Re: [Python-Dev] Hash collision security issue (now public)

2012-01-01 Thread Christian Heimes
Am 01.01.2012 17:54, schrieb Antoine Pitrou:
 I don't understand. FNV-1 multiplies the current running result with a
 prime and then xors it with the following byte. This is also what we do.
 (I'm assuming 103 is prime)

There must be a major difference somewhere inside the algorithm. The
talk at the CCC conference in Berlin mentions that Ruby 1.9 is not
vulnerable to meet-in-the-middle attacks and Ruby 1.9 uses FNV. The C
code of FNV is more complex than our code, too.

Christian
___
Python-Dev mailing list
Python-Dev@python.org
http://mail.python.org/mailman/listinfo/python-dev
Unsubscribe: 
http://mail.python.org/mailman/options/python-dev/archive%40mail-archive.com


Re: [Python-Dev] Hash collision security issue (now public)

2012-01-01 Thread Christian Heimes
Am 01.01.2012 01:11, schrieb Guido van Rossum:
 FWIW I managed to build Python 2.6, and a trivial mutation of the
 string/unicode hash function (add 1 initially) made only three tests
 fail; test_symtable and test_json both have a dependency on dictionary
 order, test_ctypes I can't quite figure out what's going on.

In my fork, these tests are failing:

test_dbm test_dis test_gdb test_inspect test_packaging test_set
test_symtable test_urllib test_userdict test_collections
test_json

___
Python-Dev mailing list
Python-Dev@python.org
http://mail.python.org/mailman/listinfo/python-dev
Unsubscribe: 
http://mail.python.org/mailman/options/python-dev/archive%40mail-archive.com


Re: [Python-Dev] Hash collision security issue (now public)

2012-01-01 Thread Victor Stinner

Le 01/01/2012 04:29, Paul McMillan a écrit :

This is incorrect. Once an attacker has guessed the random seed, any
operation which reveals the ordering of hashed objects can be used to
verify the answer. JSON responses would be ideal. In fact, an attacker
can do a brute-force attack of the random seed offline. Once they have
the seed, generating collisions is a fast process.


If we want to protect a website against this attack for example, we must 
suppose that the attacker can inject arbitrary data and can get 
(indirectly) the result of hash(str) (e.g. with the representation of a 
dict in a traceback, with a JSON output, etc.).



The goal isn't perfection, but we need to do better than a simple
salt.


I disagree.
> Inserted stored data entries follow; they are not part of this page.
Lemma sum_sqr_sin_shift s t n : sin t != 0 -> sin (n%:R * t) = 0 ->
  \sum_(x < n) (sin (x%:R * t) - s * sin (x.+1%:R * t)) ^+ 2
  = n%:R / 2 * (1 - 2 * s * cos t + s ^+ 2).
Proof.
move=> sin_t sin_nt.
have sqr_lin (x : nat) : (sin (x%:R * t) - s * sin (x.+1%:R * t)) ^+ 2
  = ((1 + s ^+ 2) / 2 - s * cos t) - 2^-1 * cos (x%:R * (2 * t) + 0)
    + s * cos (x%:R * (2 * t) + t) - s ^+ 2 / 2 * cos (x%:R * (2 * t) + 2 * t).
  set z := x%:R * t.
  have -> : x.+1%:R * t = z + t by rewrite /z -natr1; ring.
  have -> : x%:R * (2 * t) + 0 = z *+ 2 by rewrite /z; ring.
  have -> : x%:R * (2 * t) + t = z + (z + t) by rewrite /z; ring.
  have -> : x%:R * (2 * t) + 2 * t = (z + t) *+ 2 by rewrite /z; ring.
  have -> : cos t = cos ((z + t) - z) by congr cos; ring.
  by rewrite (cosB (z + t) z) !cos_mulr2n (cosD z (z + t)) !cos2sin2; field.
under eq_bigr do rewrite sqr_lin.
rewrite !big_split /= !sumrN -!mulr_sumr !sum_cos_arith_eq0 // !sumr_const !card_ord.
by rewrite -[2^-1 *+ n]mulr_natr -[cos t *+ n]mulr_natr; field.
Qed.

End TrigSums.

Section BirthDeathEigenvector.
Context {R : realType}.
Implicit Types (s th : R) (y : nat).

Definition bd_eigvec s th y : R :=
  s ^- y * (sin (y%:R * th) - s * sin (y.+1%:R * th)).
(* Let $F$ be an algebraically closed field of characteristic different from $2$ and $3$, and let $K_{10}$ be the Kac Jordan superalgebra over $F$ with basis and multiplication as described in the context. Then every maximal subalgebra of $K_{10}$ is, up to an automorphism of $K_{10}$, one of the following: (i) $(K_{10})_{\bar 0}$; (ii) the subalgebra with basis $\{e,f,a,p_1,p_2\}$; (iii) the subalgebra with basis $\{e,f,a+b,c_1,p_1,q_1,p_2+q_2\}$; (iv) the subalgebra with basis $\{e,f,a,b,c_1,p_1,q_1\}$.
   Context: $K_{10}=J_{\bar 0}\oplus J_{\bar 1}$ has even part $J_{\bar 0}$ with basis $e,a,b,c_1,c_2,f$ and odd part $J_{\bar 1}$ with basis $p_1,p_2,q_1,q_2$. The product is supercommutative ($uv=(-1)^{\bar u\bar v}vu$ for homogeneous $u,v$) and determined by the following products (all products of basis elements not listed, up to supercommutativity, are $0$): $e^2=e$, $ea=a$, $eb=b$, $ec_i=c_i$, $ef=0$, $ep_i=\tfrac12p_i$, $eq_i=\tfrac12 q_i$; $f^2=f$, $fp_i=\tfrac12p_i$, $fq_i=\tfrac12 q_i$ ($f$ annihilates $e,a,b,c_1,c_2$); $a^2=4e$, $ap_i=p_i$, $aq_i=-q_i$; $b^2=-4e$, $bp_i=q_i$, $bq_i=-p_i$; $c_1c_2=2e$, $c_1^2=c_2^2=0$, $c_1p_2=q_1$, $c_1q_2=p_1$, $c_1p_1=c_1q_1=0$, $c_2p_1=q_2$, $c_2q_1=p_2$, $c_2p_2=c_2q_2=0$; $a,b,c_1,c_2$ are pairwise orthogonal in the sense that $ab=ac_i=bc_i=0$; $p_1p_2=a+2(e-3f)$, $p_1q_1=2c_1$, $p_1q_2=b$, $p_2q_1=-b$, $p_2q_2=-2c_2$, $q_1q_2=a-2(e-3f)$, and $p_i^2=q_i^2=0$ (odd–odd products are skew-symmetric, e.g. $p_2p_1=-p_1p_2$). This is a simple Jordan superalgebra. Subalgebras are understood in the graded sense (spanned by homogeneous elements); a maximal subalgebra is a proper subalgebra not properly contained in any proper subalgebra. Automorphisms are grading-preserving algebra automorphisms. *)

From HB Require Import structures.
From mathcomp Require Import all_boot all_order all_algebra.
Set Implicit Arguments. Unset Strict Implicit. Unset Printing Implicit Defensive.
Import GRing.Theory.
Local Open Scope ring_scope.
Lemma rational_on_derive (U : R -> Prop) (f : R -> R) :
  rational_on U f -> exists f', rational_on U f' /\ forall x, U x -> is_derive f x (f' x).
Proof.
  induction 1 as [c| |f _ [f' [Hf' Hd]]|f g _ [f' [Hf' Hdf]] _ [g' [Hg' Hdg]]
                  |f g Hf [f' [Hf' Hdf]] Hg [g' [Hg' Hdg]]|f Hf [f' [Hf' Hd]] Hf0].
  - exists (fun _ => 0); split; [constructor|]. intros x _; exact (is_derive_const c x).
  - exists (fun _ => 1); split; [constructor|]. intros x _; exact (is_derive_id x).
  - exists (fun x => - f' x); split; [constructor; exact Hf'|].
    intros x Hx; exact (is_derive_opp f x _ (Hd x Hx)).
  - exists (fun x => f' x + g' x); split; [constructor; assumption|].
    intros x Hx; exact (is_derive_plus f g x _ _ (Hdf x Hx) (Hdg x Hx)).
  - exists (fun x => f' x * g x + f x * g' x).
    split; [repeat constructor; assumption|].
    intros x Hx; apply (is_derive_mult f g x _ _ (Hdf x Hx) (Hdg x Hx)).
    intros; apply Rmult_comm.
  - exists (fun x => - f' x * / f x ^ 2); split.
    + apply rational_mul; [constructor; exact Hf'|].
      apply rational_inv; [exact (rational_pow U f 2 Hf)|].
      intros x Hx; exact (pow_nonzero _ 2 (Hf0 x Hx)).
    + intros x Hx; exact (is_derive_inv f x _ (Hd x Hx) (Hf0 x Hx)).
Qed.

Lemma rational_on_smooth (U : R -> Prop) (f : R -> R) :
  open U -> rational_on U f -> smooth_on U f.
Proof.
  intros HU; exact (smooth_on_of_derive_closed U HU (rational_on U) (rational_on_derive U) f).
Qed.

Lemma Rdiv_le_Rdiv_cross (a b c d : R) :
  0 < b -> 0 < d -> a * d <= c * b -> a / b <= c / d.
Proof.
  intros Hb Hd H.
  apply Rle_div_l; [lra|].
  replace (c / d * b) with (c * b / d) by (field; lra).
  apply Rle_div_r; lra.
Qed.

Lemma quad_form_neg (A B C x y : R) :
  C < 0 -> B ^ 2 < A * C -> (x <> 0 \/ y <> 0) ->
  A * x ^ 2 + 2 * B * x * y + C * y ^ 2 < 0.
Proof.
  intros HC HD Hxy.
  assert (E : C * (A * x ^ 2 + 2 * B * x * y + C * y ^ 2)
              = (C * y + B * x) ^ 2 + (A * C - B ^ 2) * x ^ 2) by ring.
  destruct (Req_dec x 0) as [->|Hx].
  - destruct Hxy as [|Hy]; [lra|].
    assert (0 < y ^ 2) by (apply pow2_gt_0; exact Hy). nra.
  - assert (0 < x ^ 2) by (apply pow2_gt_0; exact Hx).
    pose proof (pow2_ge_0 (C * y + B * x)). nra.
Qed.
(* Let $T$ be a finite tree and $G=T^2$ its square. Then $G$ is co-chordal (i.e. its complement $G^c$ is chordal) if and only if $T$ is one of: (i) the path $L_n$ with $2\le n\le 5$; (ii) a star graph; (iii) a (partially) whiskered star.
   Context: All graphs are finite and simple. For a graph $G$, the square $G^2$ is the graph on $V(G)$ whose edges are the pairs $\{x,y\}$ with $x\neq y$ and $\mathrm{dist}_G(x,y)\in\{1,2\}$. $G^c$ is the graph on $V(G)$ whose edges are the non-edges of $G$. A graph is chordal if it has no induced cycle of length $\ge4$. $L_n$ denotes the path on $n$ vertices. A star graph is $K_{1,t}$ ($t\ge1$). A (partially) whiskered star is the tree with vertex set $\{x_0,x_1,\dots,x_n,y_1,\dots,y_m\}$, where $n\ge1$ and $1\le m\le n$, and edge set $\{\{x_0,x_i\}:1\le i\le n\}\cup\{\{x_i,y_i\}:1\le i\le m\}$. *)

From mathcomp Require Import all_boot.
Set Implicit Arguments. Unset Strict Implicit. Unset Printing Implicit Defensive.

Section Graphs.
Variable T : finType.

Definition simple_graph (e : rel T) : Prop := symmetric e /\ irreflexive e.

Definition connected (e : rel T) : Prop := forall x y : T, connect e x y.

Definition acyclic (e : rel T) : Prop :=
  forall c : seq T, uniq c -> 3 <= size c -> ~~ cycle e c.

Definition is_tree (e : rel T) : Prop := simple_graph e /\ connected e /\ acyclic e.

Definition square (e : rel T) : rel T :=
  fun x y => (x != y) && (e x y || [exists z, e x z && e z y]).

Definition compl (h : rel T) : rel T := fun x y => (x != y) && ~~ h x y.

Definition induced_cycle (h : rel T) (x0 : T) (c : seq T) : Prop :=
  [/\ uniq c, 4 <= size c &
   forall i j, i < size c -> j < size c ->
     h (nth x0 c i) (nth x0 c j) =
     (j == (i + 1) %% size c) || (i == (j + 1) %% size c)].

Definition chordal (h : rel T) : Prop :=
  forall (x0 : T) (c : seq T), ~ induced_cycle h x0 c.

End Graphs.

Definition isomorphic (T U : finType) (e : rel T) (f : rel U) : Prop :=
  exists phi : T -> U, bijective phi /\ forall x y, e x y = f (phi x) (phi y).

Definition path_graph (n : nat) : rel 'I_n :=
  fun i j => (i.+1 == j :> nat) || (j.+1 == i :> nat).

Definition star_graph (t : nat) : rel (option 'I_t) :=
  fun a b => match a, b with
             | None, Some _ | Some _, None => true
             | _, _ => false
             end.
I don't want to break backward compatibility and have a 
hash() function different for each process, if the change is not an 
effective protection against the hash vulnerability.


It's really hard to write a good (secure) hash function: see for example 
the recent NIST competition (started in 2008, will end this year). Even 
good security researcher are unable to write a strong and fast hash 
function. It's easy to add a weakness in the function if you don't have 
a good background in cryptography. The NIST competition gives 4 years to 
analyze new hash functions. We should not rush to add a quick hack if 
it doesn't solve correctly the problem (protect against a collision 
attack and preimage attack).


http://en.wikipedia.org/wiki/NIST_hash_function_competition
http://en.wikipedia.org/wiki/Collision_attack

Runtime performance does matter, I'm not completly sure that changing 
Python is the best place to add a countermeasure against a 
vulnerability. I don't want to slow down numpy for a web vulnerability. 
Because there are different use cases, a better compromise is maybe to 
add a runtime option to use a secure hash function, and keep the unsafe 
but fast hash function by default.



I propose we modify the string hash function like this:

https://gist.github.com/0a91e52efa74f61858b5


Always allocate 2**21 bytes just to workaround one specific kind of 
attack is not acceptable. I suppose that the maximum acceptable is 4096 
bytes (or better 256 bytes).


Crytographic hash functions don't need random data, why would Python 
need 2 MB (!) for its hash function?


Victor
___
Python-Dev mailing list
Python-Dev@python.org
http://mail.python.org/mailman/listinfo/python-dev
Unsubscribe: 
http://mail.python.org/mailman/options/python-dev/archive%40mail-archive.com


Re: [Python-Dev] Hash collision security issue (now public)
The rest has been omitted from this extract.